5 Exit Planning Mistakes You Can Still Fix 12 Months Before Selling
Most business owners wait too long to start preparing for an exit — or they assume it’s too late to make a difference once they’ve decided to sell. The good news? Even if you’re just 12 months out, there’s still time to fix high-impact issues that directly affect your valuation and how smooth your deal will go.
In this post, we’ll walk through five common mistakes we see — and the smart moves you can still make to avoid them.
Mistake #1: Waiting to Fix Financial Clarity
Buyers don’t expect perfection, but they do expect clarity. If your financials are messy, inconsistent, or heavily commingled with personal expenses, it creates friction — and friction reduces offers.
What you can still do now:
- Work with your accountant to clean up your books.
- Separate business and personal expenses clearly.
- Normalize your financials to reflect true seller’s discretionary earnings or EBITDA.
- Generate clean, accrual-based P&Ls and balance sheets for the past 2–3 years.
Buyers will use these numbers to benchmark your value. Making them easy to trust makes your business easier to buy.
Mistake #2: Ignoring Customer Concentration
If one or two customers account for 30%+ of your revenue, that’s a red flag for most buyers. Even if those relationships are solid, the perceived risk can shrink your multiple or lead to lower cash at close.
What you can still do now:
- Identify concentration issues by running a customer revenue analysis.
- Focus sales or marketing efforts on broadening your base, even slightly.
- Prepare a narrative that explains retention strength and expansion opportunities beyond those accounts.
Even small steps toward diversification — or showing you’ve recognized the issue — improves buyer confidence.
Mistake #3: Not Documenting Key Processes
The more your business runs out of your head, the less transferable it is — and buyers know it. If you disappear post-close, does the operation keep running?
What you can still do now:
- Start documenting Standard Operating Procedures (SOPs) for sales, fulfillment, operations, and finance.
- Record screen shares or training videos as you complete tasks.
- Begin developing a second layer of management, even if informally.
Process documentation adds value, reduces buyer friction, and builds buyer trust in the business beyond the founder.

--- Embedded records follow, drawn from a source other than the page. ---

(* entropy criterion with parameters (alpha, beta).
   The side condition 0 < floor(q_v/s_v) for v in vbl c encodes the convention
   log 0 = -oo (ln 0 = 0 in the library). *)
Definition entropy_criterion {R : realType} (alpha beta : R) : Prop :=
  (forall v (y : 'I_(s v)),
      (q v %/ s v <= #|[set x : 'I_(q v) | h x == y]| <= ceildiv (q v) (s v))%N)
  /\ (forall c : C,
      \sum_(v in vbl c) log2 (ceildiv (q v) (s v))%:R
        <= alpha * \sum_(v in vbl c) log2 ((q v)%:R : R))
  /\ (forall c : C,
      (forall v, v \in vbl c -> 0 < q v %/ s v)%N /\
      \sum_(v in vbl c) log2 (q v %/ s v)%:R
        >= beta * \sum_(v in vbl c) log2 ((q v)%:R : R)).

Definition agrees_off (u : V) (tau : proj_assignment) (x : assignment) : bool :=
  [forall v, (v != u) ==> (h (x v) == tau v)].

Definition nu_cond {R : realType} (u : V) (tau : proj_assignment) (y : 'I_(s u)) : R :=
  (#|[set x : assignment | satisfies x && agrees_off u tau x && (h (x u) == y)]|%:R)
  / (#|[set x : assignment | satisfies x && agrees_off u tau x]|%:R).

End CSP.

(* The assignments compatible with tau form a
   product set, the fiber, on which the uniform measure is a product measure,
   so events depending on disjoint sets of variables are independent.  By the
   lower entropy bound every constraint is violated on a fraction at most
   P = 1/(40 e D^2) of the fiber.  A counting form of the Lovasz local lemma,
   by induction on the size of S, shows that among the points of the fiber
   avoiding a set S of constraints, a constraint c outside S is violated with
   frequency at most w = 4P/3.  Dropping the constraints through u makes the
   value at u independent of everything else, which yields the factor
   ceil(q_u/s_u)/q_u; restoring them costs at most a factor
   1 - |constraints at u| w, which exp(1/(20D)) compensates. *)

From mathcomp Require Import all_boot all_order all_algebra.
From mathcomp Require Import all_classical all_reals all_analysis.
From mathcomp Require Import lra.
Import Order.TTheory GRing.Theory Num.Theory.
Set Implicit Arguments. Unset Strict Implicit. Unset Printing Implicit Defensive.
Local Open Scope ring_scope.

Lemma card_family_prod (aT : finType) (rT : aT -> finType)
    (F : forall x, pred (rT x)) :
  #|(family F : simpl_pred {dffun forall x : aT, rT x})| = (\prod_x #|F x|)%N.
Proof. by rewrite card_family foldrE big_map big_enum. Qed.

Lemma ln_prod (R : realType) (I : Type) (r : seq I) (P : pred I) (F : I -> R) :
  (forall i, P i -> 0 < F i) ->
  ln (\prod_(i <- r | P i) F i) = \sum_(i <- r | P i) ln (F i).
Proof.
move=> F_gt0; suff [] : 0 < \prod_(i <- r | P i) F i /\
  ln (\prod_(i <- r | P i) F i) = \sum_(i <- r | P i) ln (F i) by [].
apply: (big_rec2 (fun a b => 0 < a /\ ln a = b)); first by rewrite ln1.
move=> i a b Pi [a_gt0 <-]; split; first by rewrite mulr_gt0 ?F_gt0.
by rewrite lnM // posrE ?F_gt0.
Qed.

Lemma le_prod_of_log2 (R : realType) (I : finType) (P : pred I) (f : I -> nat) (K : R) :
  0 < K -> (forall i, P i -> 0 < f i)%N ->
  log2 K <= \sum_(i | P i) log2 (f i)%:R -> K <= (\prod_(i | P i) f i)%:R.
Proof.
move=> K_gt0 f_gt0; have ln2_gt0 : 0 < ln (2 : R) by rewrite ln_gt0 // ltr1n.
rewrite /log2 -mulr_suml ler_pM2r ?invr_gt0 // natr_prod -ln_prod => [|i Pi].
  by rewrite ler_ln // posrE prodr_gt0 // => i Pi; rewrite ltr0n f_gt0.
by rewrite ltr0n f_gt0.
Qed.

Lemma lll_prob_small (R : realType) (d : R) :
  1 <= d -> 80 * d ^+ 2 * (40 * expR 1 * d ^+ 2)^-1 <= 1.
Proof.
move=> d_ge1; have e_ge2 : 2 <= expR 1 :> R by have := expR_ge1Dx (1 : R); lra.
by rewrite mulrC ler_pdivrMl ?mulr1; nra.
Qed.

Lemma lll_weight_condition (R : realType) (d P : R) :
  1 <= d -> 0 <= P -> 80 * d ^+ 2 * P <= 1 -> P <= 4 / 3 * P * (1 - d * (4 / 3 * P)).
Proof.
move=> d_ge1 P_ge0 dP_le; have dP_small : d * P <= 80^-1 by nra.
have : 0 <= P * (1 / 3 - 16 / 9 * (d * P)) by apply: mulr_ge0 => //; lra.
nra.
Qed.

Lemma one_sub_weight_mul_exp_ge1 (R : realType) (d P g : R) :
  1 <= d -> 0 <= P -> 80 * d ^+ 2 * P <= 1 -> 0 <= g <= d + 1 ->
  1 <= (1 - g * (4 / 3 * P)) * expR (20 * d)^-1.
Proof.
move=> d_ge1 P_ge0 dP_le /andP[g_ge0 g_le].
set a := (20 * d)^-1.
have a_d : a * (20 * d) = 1 by rewrite mulVf // gt_eqF //; lra.
have a_gt0 : 0 < a by rewrite invr_gt0; lra.
have exp_ge : 1 + a <= expR a := expR_ge1Dx a.
have gP_le : g * (4 / 3 * P) <= 2 / 3 * a.
  have : g * (P * (20 * d)) <= 2 * d * (P * (20 * d)).
    by rewrite ler_wpM2r ?mulr_ge0 //; lra.
  nra.
have a_le : a <= 20^-1 by nra.
apply: le_trans (_ : (1 - 2 / 3 * a) * (1 + a) <= _); first nra.
by rewrite ler_pM //; lra.
Qed.

Section Dependency.
Variables (V C : finType) (vbl : C -> {set V}).

Definition neighbours (c : C) : {set C} :=
  [set b | (b != c) && ~~ [disjoint vbl c & vbl b]].

Lemma card_neighbours_le c : (#|neighbours c| <= max_degree vbl)%N.
Proof. exact: (@leq_bigmax C (dep_degree vbl) c). Qed.

Definition constraints_at (u : V) : {set C} := [set c | u \in vbl c].

Lemma card_constraints_at_le u : (#|constraints_at u| <= (max_degree vbl).+1)%N.
Proof.
have [->|[c0 c0u]] := set_0Vmem (constraints_at u); first by rewrite cards0.
apply: leq_trans (_ : #|c0 |: neighbours c0| <= _)%N.
  apply: subset_leq_card; apply/fintype.subsetP => b; rewrite !inE in c0u *.
  case: (eqVneq b c0) => //= _ ub; apply/negP => /disjointFr/(_ c0u).
  by rewrite ub.
by rewrite cardsU1 -add1n leq_add ?leq_b1 ?card_neighbours_le.
Qed.

End Dependency.

Section Fiber.
Variables (V : finType) (q s : V -> nat) (C : finType).
Variables (vbl : C -> {set V}) (forb : C -> assignment q).
Variable h : forall v : V, 'I_(q v) -> 'I_(s v).
Variables (u : V) (tau : proj_assignment s).
Local Notation A := (assignment q).

Definition fiber_at (v : V) : pred 'I_(q v) := fun a => (v != u) ==> (h a == tau v).

Definition fiber : {set A} := [set x | agrees_off h u tau x].

Lemma fiber_family : fiber =i (family fiber_at : simpl_pred A).
Proof. by move=> x; rewrite inE; apply/forallP/familyP => H v; apply: H. Qed.

Definition supported_on (T : {set V}) (E : pred A) :=
  forall x z : A, {in T, forall v, x v = z v} -> E x = E z.

Definition merge (T : {set V}) (x z : A) : A :=
  @finfun V (fun v => 'I_(q v)) (fun v => if v \in T then x v else z v).

Lemma mergeE T x z v : merge T x z v = if v \in T then x v else z v.
Proof. by rewrite ffunE. Qed.

Lemma merge_agrees T x z :
  agrees_off h u tau x -> agrees_off h u tau z -> agrees_off h u tau (merge T x z).
Proof.
move: (fiber_family x) (fiber_family z) (fiber_family (merge T x z)).
rewrite !inE => -> -> -> /familyP fx /familyP fz; apply/familyP => v.
by rewrite mergeE; case: (v \in T).
Qed.

(* The fiber is a product set, so swapping the [T]-coordinates of two of its
   points is an involution of [fiber * fiber]; it exchanges the two products
   of sets counted on either side. *)
Lemma card_fiber_indep (T : {set V}) (E G : pred A) :
  supported_on T E -> supported_on (~: T) G ->
  (#|[set x in fiber | E x && G x]| * #|fiber| =
   #|[set x in fiber | E x]| * #|[set x in fiber | G x]|)%N.
Proof.
move=> suppE suppG; rewrite [in RHS]mulnC -!cardsX.
pose swap (p : A * A) := (merge T p.2 p.1, merge T p.1 p.2).
have swapK : involutive swap.
  move=> [x z]; rewrite /swap /=; congr (_, _); apply/ffunP => v;
    by rewrite !mergeE; case: (v \in T).
have E_swap x z : E (merge T x z) = E x.
  by apply: suppE => v vT; rewrite mergeE vT.
have G_swap x z : G (merge T x z) = G z.
  by apply: suppG => v; rewrite inE mergeE => /negbTE ->.
have swap_le (X Y : {set A * A}) : {in X, forall p, swap p \in Y} -> (#|X| <= #|Y|)%N.
  move=> XY; rewrite -(card_imset X (inv_inj swapK)); apply: subset_leq_card.
  by apply/fintype.subsetP => _ /imsetP[p /XY pY ->].
apply/eqP; rewrite eqn_leq !swap_le // => -[x z]; rewrite !inE /= E_swap G_swap.
- by case/and3P=> /andP[fx Gx] fz Ez; rewrite !merge_agrees // Ez Gx.
- by case/andP=> /and3P[fx Ex Gx] fz; rewrite !merge_agrees // Ex Gx.
Qed.

Lemma card_fiber_at_u : #|fiber_at (v:=u)| = q u.
Proof. by rewrite -[RHS]card_ord; apply: eq_card => a; rewrite /in_mem /= /fiber_at eqxx. Qed.

Lemma card_fiber_at_ge v :
  (forall y : 'I_(s v), q v %/ s v <= #|[set a | h a == y]|)%N ->
  (q v %/ s v <= #|fiber_at (v:=v)|)%N.
Proof.
move=> fib_ge; case: (eqVneq v u) => [->|vu]; first by rewrite card_fiber_at_u leq_div.
apply: leq_trans (fib_ge (tau v)) (subset_leq_card _).
by apply/fintype.subsetP => a; rewrite inE /in_mem /= /fiber_at vu.
Qed.

Lemma card_fiber_coord (Y : {set 'I_(q u)}) :
  (#|[set x in fiber | x u \in Y]| * q u = #|Y| * #|fiber|)%N.
Proof.
pose F := @dfwith V (fun v => 'I_(q v) -> bool) (fun v => fiber_at (v:=v)) u (mem Y).
have Fu : F u = mem Y by exact: dfwith_in.
have Fv v : u != v -> F v = fiber_at (v:=v) by exact: dfwith_out.
have -> : #|[set x in fiber | x u \in Y]| = #|(family F : simpl_pred A)|.
  apply: eq_card => x; rewrite inE fiber_family; apply/andP/familyP.
    case=> /familyP fx xY v; case: (eqVneq u v) => [<-|uv]; first by rewrite Fu.
    by rewrite Fv //; apply: fx.
  move=> Fx; split; last by have := Fx u; rewrite Fu.
  apply/familyP => v; case: (eqVneq u v) => [<-|uv].
    by rewrite unfold_in /fiber_at eqxx.
  by have := Fx v; rewrite Fv.
rewrite (eq_card fiber_family) !card_family_prod (bigD1 u) // [in RHS](bigD1 u) //.
rewrite Fu card_fiber_at_u mulnAC -mulnA; congr (_ * (_ * _))%N.
by apply: eq_bigr => v vu; rewrite Fv // eq_sym.
Qed.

Mistake #4: Underestimating Due Diligence
Many sellers think once an offer is accepted, the deal is done. In reality, the diligence phase is where deals either come together — or fall apart. Buyers will go deep, and any gaps can cause re-trades, slowdowns, or collapse.
What you can still do now:
- Begin assembling your data room: tax returns, contracts, leases, employee agreements, supplier/vendor info, and IP documents.
- Organize financial and legal documents into clean folders with naming conventions.
- Conduct your own light due diligence review — or better yet, get an advisor to walk you through one.
Preparation during diligence keeps your deal momentum strong and your leverage intact.
Mistake #5: Over-Focusing on Valuation Headlines
Everyone wants the biggest number — but chasing a headline valuation often leads to poor structure, painful earnouts, or disappointing net proceeds.
What you can still do now:
- Get educated on deal structures: cash at close, seller notes, earnouts, rollovers.
- Understand what “net proceeds” really means after taxes and adjustments.
- Work with an advisor to model 2–3 deal scenarios — not just a single target price.
A flexible mindset paired with solid preparation helps you negotiate stronger and avoid post-deal regret.
Conclusion
You don’t need to be perfect — but you do need to be proactive. Even 12 months out, these five areas can dramatically impact your exit value and outcome.
Great exits aren’t just about finding the right buyer — they’re about preparing the right business for that buyer to confidently say yes.
If you’re considering a sale in the next year, now’s the time to move.